We generated a panel of seven patient-derived orthotopic xenografts from six primary TNBC tumors and one metastasis. Patient tumors and corresponding xenografts were compared by histology, immunohistochemistry, array comparative genomic hybridization (aCGH) and phosphatidylinositol-4,5-bisphosphate 3-kinase, catalytic subunit alpha (PIK3CA) sequencing; TNBC subtypes were determined. Using a previously published logistic regression approach, we generated a rapamycin response signature from Connectivity Map gene expression data and used it to predict rapamycin sensitivity in 1,401 human breast cancers of different intrinsic subtypes, prompting in vivo testing of mTOR inhibitors and doxorubicin in our TNBC xenografts.
Patient-derived xenografts recapitulated histology, biomarker expression and global genomic features of patient tumors. Two primary tumors had PIK3CA coding mutations, and five of six primary tumors showed flanking intron single nucleotide polymorphisms (SNPs) with conservation of sequence variations between primary tumors and xenografts, even on subsequent xenograft passages. Gene expression profiling showed that our models represent at least four of six TNBC subtypes. The rapamycin response signature predicted sensitivity for 94% of basal-like breast cancers in a large dataset. Drug testing of mTOR inhibitors in our xenografts showed 77 to 99% growth inhibition, significantly more than doxorubicin; protein phosphorylation studies indicated constitutive activation of the mTOR pathway that decreased with treatment. However, no tumor was completely eradicated.
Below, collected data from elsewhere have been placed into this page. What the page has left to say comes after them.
(** If a convex set containing the ball [B(0, e0)] has a point [y] close to the
    radial overshoot [(1 + s) x] of [x], then [x] is interior: every [q] near [x]
    is a convex combination of [y] and a point [z] of the ball. *)
Lemma interior_of_radial_overshoot (U : pset) (x y : vec) (e0 s : R) :
  p_convex U -> 0 < e0 -> (forall q, vdist q vzero < e0 -> U q) -> 0 < s -> U y ->
  Rabs (fst y - (1 + s) * fst x) <= e0 * s / 8 ->
  Rabs (snd y - (1 + s) * snd x) <= e0 * s / 8 ->
  p_interior U x.
Proof.
  intros Hc He0 Hball Hs Hy E1 E2.
  exists (e0 * s / (4 * (1 + s))). split; [apply Rdiv_lt_0_compat; nra|].
  intros q Hq.
  set (z := (((1 + s) * fst q - fst y) / s, ((1 + s) * snd q - snd y) / s)).
  assert (Hz : U z).
  { apply Hball. eapply Rle_lt_trans; [apply vdist_le_l1|]. unfold z, vzero; simpl.
    rewrite !Rminus_0_r.
    assert (B1 := overshoot_coordinate _ _ _ _ _ He0 Hs
                    (Rle_lt_trans _ _ _ (vdist_fst q x) Hq) E1).
    assert (B2 := overshoot_coordinate _ _ _ _ _ He0 Hs
                    (Rle_lt_trans _ _ _ (vdist_snd q x) Hq) E2).
    lra. }
  assert (Hl : 0 <= s / (1 + s) <= 1).
  { split; [apply Rdiv_le_0_compat; lra|].
    apply (Rmult_le_reg_r (1 + s)); [lra|]. field_simplify; lra. }
  replace q with (vadd (vscal (1 - s / (1 + s)) y) (vscal (s / (1 + s)) z)).
  - exact (Hc _ _ _ Hy Hz Hl).
  - apply vec_ext; unfold vadd, vscal, z; simpl; field; lra.
Qed.
Lemma commr_mmap (R S : nzRingType) (f : R -> S) (h : 'I_n -> S) (p : {mpoly R[n]}) x :
  (forall c, GRing.comm x (f c)) -> (forall i, GRing.comm x (h i)) ->
  GRing.comm x (mmap f h p).
Proof.
move=> cf ch; apply: commr_sum => mo _; apply: commrM => //.
by apply: commr_prod => i _; apply: commrX.
Qed.

Lemma mderiv_map_mpoly (R S : nzRingType) (g : {rmorphism R -> S}) i (p : {mpoly R[n]}) :
  map_mpoly g (mderiv i p) = mderiv i (map_mpoly g p).
Proof.
apply/mpolyP => mo.
by rewrite mcoeff_map_mpoly !mcoeff_mderiv mcoeff_map_mpoly raddfMn.
Qed.

End MmapFacts.

Lemma exprD_taylor (S : comNzRingType) (x y : S) a :
  exists q, (x + y) ^+ a = x ^+ a + y * (a%:R * x ^+ a.-1) + y ^+ 2 * q.
Proof.
elim: a => [|a [q IHa]]; first by exists 0; rewrite !expr0 !mul0r !mulr0 !addr0.
have xa : x * (a%:R * x ^+ a.-1) = a%:R * x ^+ a.
  by case: a {IHa} => [|a]; rewrite ?mul0r ?mulr0 // mulrCA -exprS.
exists (x * q + a%:R * x ^+ a.-1 + y * q).
have -> : (a.+1)%:R * x ^+ a = x * (a%:R * x ^+ a.-1) + x ^+ a by rewrite xa -natr1; ring.
rewrite exprS IHa [x ^+ a.+1]exprS.
by ring.
Qed.

Section MultivariateTaylor.
Variables (n : nat) (S : comNzRingType) (h : 'I_n -> S) (i0 : 'I_n) (x y : S).
Local Notation hx z := [eta h with i0 |-> z].

Lemma mmap1_taylor mo : exists q,
  mmap1 (hx (x + y)) mo =
    mmap1 (hx x) mo + y * ((mo i0)%:R * mmap1 (hx x) (mo - U_(i0))%MM) + y ^+ 2 * q.
Proof.
have [q Hq] := exprD_taylor x y (mo i0).
pose rest := \prod_(i < n | i != i0) h i ^+ mo i.
have restE z : \prod_(i < n | i != i0) hx z i ^+ mo i = rest.
  by apply: eq_bigr => i /negbTE /= ->.
have restU : \prod_(i < n | i != i0) hx x i ^+ (mo - U_(i0))%MM i = rest.
  by apply: eq_bigr => i ne /=; rewrite (negbTE ne) mnmBE mnm1E eq_sym (negbTE ne) subn0.
exists (q * rest).
rewrite /mmap1 (bigD1 i0) //= [X in _ = X + _ + _](bigD1 i0) //=.
rewrite [X in _ = _ + y * (_ * X) + _](bigD1 i0) //= !eqxx !restE restU.
rewrite mnmBE mnm1E eqxx subn1 Hq.
by ring.
Qed.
A panel of patient-derived xenograft models covering a spectrum of TNBC subtypes was generated that histologically and genomically matched original patient tumors. Consistent with in silico predictions, mTOR inhibitor testing in our TNBC xenografts showed significant tumor growth inhibition in all, suggesting that mTOR inhibitors can be effective in TNBC, but will require use with additional therapies, warranting investigation of optimal drug combinations.